Безумно оскалившись, он приставил нож к моему горлу. Револьвер… мне надо вытащить револьвер. Не успею. Зажмурился, простившись с этим прекрасным миром. Сквозь яростное сопение Бубы, я услышал надсадно астматичное дыхание, а в следующий миг – душераздирающий визг.

Открыв глаза, увидел, торчащую из груди ниггера руку. Буба свалился на грядку, не переставая орать, взрывая пятками торф и песок.

– Шайссе! Грязный унтерменьш! – прогудело существо в оплавленной черной маске.

– По какому праву?! Я гражданьин юэсэй! Расъисты! Аааа!..

Рука в перчатке мелькнула неуловимо быстро, отсекая детородный орган гребаного негрилы, и запихнула прямиком в визжащую пасть. Лена, вздрогнув, отвернулась.

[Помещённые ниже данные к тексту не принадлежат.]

(* Let $(X,d)$ be a pointed metric space and let $((x_i,y_i))_{i\in I}$ be a Lipschitz interpolating family in $\widetilde X$ for $\mathrm{Lip}_0(X)$ whose Lipschitz interpolation constant is $M$. The following are equivalent: (i) For every real Banach space $E$, $((x_i,y_i))_{i\in I}$ is a Lipschitz interpolating family for $\mathrm{Lip}_0(X,E)$ and its Lipschitz interpolation constant satisfies $M_E=M$. (ii) $((x_i,y_i))_{i\in I}$ has a Beurling set $(f_i)_{i\in I}$ of functions in $\mathrm{Lip}_0(X)$.
   Context: All spaces are real. $(X,d)$ is a metric space with base point $0$, $\widetilde{X}=\{(x,y)\in X\times X: x\neq y\}$. For a Banach space $E$, $\mathrm{Lip}_0(X,E)$ is the Banach space of Lipschitz $f:X\to E$ with $f(0)=0$, normed by $\|f\|=\sup_{(x,y)\in\widetilde X}\|f(x)-f(y)\|/d(x,y)$; $\mathrm{Lip}_0(X)=\mathrm{Lip}_0(X,\mathbb R)$. $\ell_\infty(I,E)$ is the space of bounded families in $E$ with sup norm. For a family $((x_i,y_i))_{i\in I}$ in $\widetilde X$, $T_E:\mathrm{Lip}_0(X,E)\to\ell_\infty(I,E)$ is $T_E(f)=\big((f(x_i)-f(y_i))/d(x_i,y_i)\big)_{i\in I}$; the family is Lipschitz interpolating for $\mathrm{Lip}_0(X,E)$ if $T_E$ is surjective, with constant $M_E=\inf\{K>0:\forall v\in\ell_\infty(I,E),\ \|v\|_\infty\le1,\ \exists f\in\mathrm{Lip}_0(X,E),\ \|f\|\le K,\ T_E(f)=v\}$. ''Lipschitz interpolating for $\mathrm{Lip}_0(X)$ with constant $M$'' is the case $E=\mathbb R$, with $M=\inf\{K\ge1:\dots\}$ defined analogously. A Beurling set of functions in $\mathrm{Lip}_0(X)$ for the family is a family $(f_i)_{i\in I}$ of functions $f_i:X\to\mathbb R$ with $f_i(0)=0$, $(f_i(x_j)-f_i(y_j))/d(x_j,y_j)=\delta_{ij}$ for all $i,j\in I$, and $\sup_{(x,y)\in\widetilde X}\sum_{i\in I}|f_i(x)-f_i(y)|/d(x,y)\leq M$. *)

From HB Require Import structures.
From mathcomp Require Import all_boot all_order all_algebra.
From mathcomp Require Import all_classical all_reals all_analysis.
From mathcomp Require Import Rstruct Rstruct_topology.
Set Implicit Arguments. Unset Strict Implicit. Unset Printing Implicit Defensive.
Import Order.TTheory GRing.Theory Num.Theory.
Import numFieldNormedType.Exports.
Local Open Scope classical_set_scope.
Local Open Scope ring_scope.

Notation RR := Rdefinitions.R.

Definition is_metric (X : Type) (d : X -> X -> RR) : Prop :=
  (forall x y, 0 <= d x y) /\
  (forall x y, d x y = 0 <-> x = y) /\
  (forall x y, d x y = d y x) /\
  (forall x y z, d x z <= d x y + d y z).

Definition lip_le (X : Type) (d : X -> X -> RR) (E : normedModType RR)
  (f : X -> E) (K : RR) : Prop :=
  forall x y, x <> y -> `|f x - f y| / d x y <= K.

Definition in_Lip0 (X : Type) (d : X -> X -> RR) (x0 : X) (E : normedModType RR)
  (f : X -> E) : Prop :=
  f x0 = 0 /\ exists K, lip_le d f K.

Definition interp_eq (X I : Type) (d : X -> X -> RR) (xs ys : I -> X)
  (E : normedModType RR) (f : X -> E) (v : I -> E) : Prop :=
  forall i, (d (xs i) (ys i))^-1 *: (f (xs i) - f (ys i)) = v i.

Definition lip_interpolating (X I : Type) (d : X -> X -> RR) (x0 : X)
  (xs ys : I -> X) (E : normedModType RR) : Prop :=
  forall v : I -> E, (exists B, forall i, `|v i| <= B) ->
    exists f : X -> E, in_Lip0 d x0 f /\ interp_eq d xs ys f v.

Definition interp_set (X I : Type) (d : X -> X -> RR) (x0 : X)
  (xs ys : I -> X) (E : normedModType RR) (P : RR -> Prop) : set RR :=
  [set K | P K /\ forall v : I -> E, (forall i, `|v i| <= 1) ->
     exists f : X -> E, in_Lip0 d x0 f /\ lip_le d f K /\ interp_eq d xs ys f v].

Definition interp_const (X I : Type) (d : X -> X -> RR) (x0 : X)
  (xs ys : I -> X) (E : normedModType RR) : RR :=
  inf (interp_set d x0 xs ys E (fun K => 0 < K)).

Definition interp_const_R (X I : Type) (d : X -> X -> RR) (x0 : X)
  (xs ys : I -> X) : RR :=
  inf (interp_set d x0 xs ys RR^o (fun K => 1 <= K)).

(* Beurling set of functions with constant M; the (possibly infinite) sum of
   nonnegative terms sum_i |f_i x - f_i y| / d(x,y) <= M is expressed as:
   every finite sub-sum (over distinct indices) is <= M. *)
Definition beurling_set (X I : Type) (d : X -> X -> RR) (x0 : X)
  (xs ys : I -> X) (M : RR) (fs : I -> X -> RR) : Prop :=
  (forall i, fs i x0 = 0) /\
  (forall i j, (fs i (xs j) - fs i (ys j)) / d (xs j) (ys j) = (`[< i = j >] : bool)%:R) /\
  (forall x y, x <> y -> forall (n : nat) (g : 'I_n -> I), injective g ->
     \sum_(k < n) `|fs (g k) x - fs (g k) y| / d x y <= M).

From HB Require Import structures.
From mathcomp Require Import all_boot all_order all_algebra.
From mathcomp Require Import all_classical all_reals all_analysis.
From mathcomp Require Import Rstruct Rstruct_topology.
From mathcomp Require Import lra.
Set Implicit Arguments. Unset Strict Implicit. Unset Printing Implicit Defensive.
Import Order.TTheory GRing.Theory Num.Theory.
Import numFieldNormedType.Exports.
Local Open Scope classical_set_scope.
Local Open Scope ring_scope.

(* (ii) => (i): for a Beurling family (f_i) and bounded data (v_i) in a Banach space E,
   the series x |-> sum_i f_i(x) v_i converges unconditionally, since
   sum_i |f_i(x)| <= M d(x, 0); it interpolates (v_i) with Lipschitz constant
   M sup_i |v_i|, so M_E <= M.  Conversely, for a unit vector e of E the map
   z |-> inf_t (t + |z - t e|) is 1-Lipschitz and shifts by s along s e, so it turns
   E-valued interpolants into real ones with the same constant: M <= M_E.
   (i) => (ii): interpolating the unit vectors of l1(I) with constant M + eps and taking
   coordinates gives a Beurling family for M + eps; a cluster point of these families as
   eps -> 0, in the product space R^(I x X) (Tychonoff), is a Beurling family for M.
   That M is the infimum of a nonempty set (rather than the junk value inf set0 = 0)
   comes from interpolation in l1(N): real data v_n needing constants 4^n, glued with
   weights 2^-n into one l1(N)-valued datum, would have a common Lipschitz interpolant. *)

Lemma big_uniq_subset (T : eqType) (V : nmodType) (f : T -> V) (s r : seq T) :
  uniq s -> uniq r -> {subset s <= r} ->
  \sum_(t <- r) f t = \sum_(t <- s) f t + \sum_(t <- r | t \notin s) f t.
Proof.
move=> s_uniq r_uniq sr; rewrite (bigID (mem s)) /=; congr (_ + _).
rewrite -big_filter; apply: perm_big; apply: uniq_perm => //.
  exact: filter_uniq.
by move=> t; rewrite mem_filter; apply/andP/idP => [[]//|ts]; split => //; apply: sr.
Qed.

Lemma ler_sum_uniq_subset (R : numDomainType) (T : eqType) (f : T -> R) (s r : seq T) :
  (forall t, 0 <= f t) -> uniq s -> uniq r -> {subset s <= r} ->
  \sum_(t <- s) f t <= \sum_(t <- r) f t.
Proof.
move=> f_ge0 s_uniq r_uniq sr; rewrite (big_uniq_subset f s_uniq r_uniq sr) lerDl.
exact: sumr_ge0.
Qed.

Lemma undup_cat_subset (T : eqType) (s1 s2 : seq T) :
  {subset s1 <= undup (s1 ++ s2)} /\ {subset s2 <= undup (s1 ++ s2)}.
Proof. by split => t t_s; rewrite mem_undup mem_cat t_s ?orbT. Qed.

Lemma sumr_const_seq (T : Type) (V : nmodType) (s : seq T) (x : V) :
  \sum_(t <- s) x = x *+ size s.
Proof. by rewrite big_const_seq count_predT iter_addr_0. Qed.

Lemma sum_halfpow_le (R : realFieldType) N :
  \sum_(0 <= i < N) (2^-1 : R) ^+ i <= 2.
Proof.
suff geom : \sum_(0 <= i < N) (2^-1 : R) ^+ i + 2 * 2^-1 ^+ N = 2.
  by rewrite -[leRHS]geom lerDl mulr_ge0 // exprn_ge0.
elim: N => [|N IH]; first by rewrite big_geq // add0r expr0 mulr1.
rewrite big_nat_recr //= -addrA exprS mulrA mulfV ?pnatr_eq0 // mul1r.
lra.
Qed.

Lemma ler_divSn (R : archiFieldType) (c : R) n m :
  0 <= c -> (n <= m)%N -> c / m.+1%:R <= c / n.+1%:R.
Proof.
move=> c0 nm; apply: ler_wpM2l => //.
by rewrite lef_pV2 ?posrE ?ltr0Sn // ler_nat ltnS.
Qed.

Lemma divSn_lt_eventually (R : archiFieldType) (c e : R) : 0 <= c -> 0 < e ->
  exists N, forall n, (N <= n)%N -> c / n.+1%:R < e.
Proof.
move=> c0 e0; have ce0 : 0 <= c / e by rewrite divr_ge0 // ltW.
exists (Num.Def.archi_bound (c / e)) => n Nn.
rewrite ltr_pdivrMr ?ltr0Sn // -ltr_pdivrMl // mulrC.
apply: lt_le_trans (archi_boundP ce0) _.
by rewrite ler_nat; exact: leqW.
Qed.

Section HarmonicCompleteness.
Variable R : realType.

(* Completeness for sequences with the explicit Cauchy modulus c/(n+1): it implies
   completeness (harmonic_complete_cvg) and is easy to check coordinatewise in l1. *)
Definition harmonic_complete (V : normedModType R) :=
  forall (u : nat -> V) (c : R), 0 <= c ->
    (forall n m, (n <= m)%N -> `|u m - u n| <= c / n.+1%:R) ->
    exists S, forall n, `|S - u n| <= c / n.+1%:R.

Lemma complete_harmonic_complete (E : completeNormedModType R) : harmonic_complete E.
Proof.
move=> u c c0 u_osc.
have : cvg (u @ \oo).
  apply/cauchy_cvgP/cauchyP => e e0.
  have [N hN] := divSn_lt_eventually c0 e0.
  exists (u N); exists N => // m /= Nm.
  rewrite -ball_normE /ball_ /= distrC.
  exact: le_lt_trans (u_osc _ _ Nm) (hN N (leqnn N)).
move/cvg_ex => [S /cvgrPdist_le S_lim]; exists S => n.
apply/ler_addgt0Pr => e e0.
have [N _ hN] := S_lim e e0.
have := ler_normD (S - u (maxn N n)) (u (maxn N n) - u n).
rewrite addrA subrK => /le_trans; apply.
by rewrite addrC; apply: lerD; [exact: u_osc (leq_maxr _ _) | exact: hN (leq_maxl _ _)].
Qed.

Lemma harmonic_complete_cvg (V : normedModType R) : harmonic_complete V ->
  forall F : set_system V, ProperFilter F -> cauchy F -> cvg F.
Proof.
move=> V_complete F FF /(cauchyP F) F_cauchy.
have /choice [p p_ball] : forall n : nat, exists x : V, F (ball x n.+1%:R^-1).
  by move=> n; apply: F_cauchy; rewrite invr_gt0 ltr0Sn.
have p_osc n m : (n <= m)%N -> `|p m - p n| <= 2 / n.+1%:R.
  move=> nm; have [z [zm zn]] := filter_ex (filterI (p_ball m) (p_ball n)).
  rewrite -ball_normE /ball_ /= in zm zn.
  apply: le_trans (ler_distD z _ _) _; rewrite (distrC z).
  have := ler_divSn (ler01 : (0 : R) <= 1) nm; rewrite !mul1r => mn.
  by rewrite -[2]/(1 + 1) mulrDl mul1r lerD ?(ltW zn) ?(ltW (lt_le_trans zm mn)).
have [L pL] := V_complete p 2 (ler0n R 2) p_osc.
apply/cvg_ex; exists L => A /nbhs_ballP [e e0 eA].
have [N hN] := divSn_lt_eventually (ler0n _ 3) e0.
apply: filterS (p_ball N) => z zN; apply: eA.
rewrite -ball_normE /ball_ /= in zN *.
apply: le_lt_trans (ler_distD (p N) _ _) _; apply: le_lt_trans (hN N (leqnn N)).
have -> : (3 : R) = 2 + 1 by lra.
by rewrite mulrDl mul1r lerD // ?pL // ltW.
Qed.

Конечно, я рад столь чудесному спасению, но… Ульрих? Какого хрена? Он издал особый свист, из темноты появились твари несуразные, жуткие. И страшно голодные. Когда раздался звук рвущейся плоти, хруст костей и жадное чавканье, даже я поспешил отвернуться, пока не вывернуло наизнанку.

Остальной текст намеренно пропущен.